Problem to work on: Repeat the records below word for word, but start at the line that contains "From mathcomp Require Import reals.", stop after the last line, and include nothing else.
• • • • •
(* Let $\Delta$ be a simplicial polytopal fan in $\mathbb{R}^d$ with ray generators $\mathbf{v}_1,\ldots,\mathbf{v}_n$ and let $m\ge1$. Let $\Delta^m$ be the polyhedral fan in $\mathbb{R}^{m\times d}$ whose cells are the products $\sigma_1\times\cdots\times\sigma_m$ with $\sigma_j\in\Delta$ (the $j$-th factor constraining the $j$-th row). Let $\Upsilon$ be the collection of all closed cones $\overline{U_G}$, $G\in\mathcal{G}$, such that $G$ has no matching of size $n$. Then $\Upsilon$ is a polyhedral subcomplex of $\Delta^m$.
   Context: A fan is simplicial if every cone is generated by linearly independent vectors; polytopal if it is the normal fan of a polytope. For $\mathbf{u}\in\mathbb{R}^d$, with $\sigma$ the cone of $\Delta$ containing $\mathbf{u}$ in its relative interior and $\mathbf{u}=\sum_{k\in I_\sigma}\lambda_k\mathbf{v}_k$ over the generators of $\sigma$, set $[\mathbf{u}]_i=\lambda_i$ for $i\in I_\sigma$ and $0$ otherwise. For $U\in\mathbb{R}^{m\times d}$ with rows $\mathbf{u}^{(1)},\ldots,\mathbf{u}^{(m)}$, $G_U$ is the bipartite graph on $[n]\sqcup[m]$ with $i\in[n]$ adjacent to $j\in[m]$ iff $[\mathbf{u}^{(j)}]_i>0$. $\mathcal{G}$ is the set of graphs of the form $G_U$, and for $G\in\mathcal{G}$, $U_G=\{U\in\mathbb{R}^{m\times d}\colon G_U=G\}$; one has $U_{G_U}=\operatorname{relint}\sigma(\mathbf{u}^{(1)})\times\cdots\times\operatorname{relint}\sigma(\mathbf{u}^{(m)})$, where $\sigma(\mathbf{u})$ is the cone of $\Delta$ containing $\mathbf{u}$ in its relative interior, and the closures $\overline{U_G}$ are exactly the cells of $\Delta^m$. *)

From HB Require Import structures.
From mathcomp Require Import all_boot all_order all_algebra.
From mathcomp Require Import reals.
Set Implicit Arguments. Unset Strict Implicit. Unset Printing Implicit Defensive.
Import Order.TTheory GRing.Theory Num.Theory.
Local Open Scope ring_scope.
• • • • •
Worked solution:
From mathcomp Require Import reals.
Set Implicit Arguments. Unset Strict Implicit. Unset Printing Implicit Defensive.
Import Order.TTheory GRing.Theory Num.Theory.
Local Open Scope ring_scope.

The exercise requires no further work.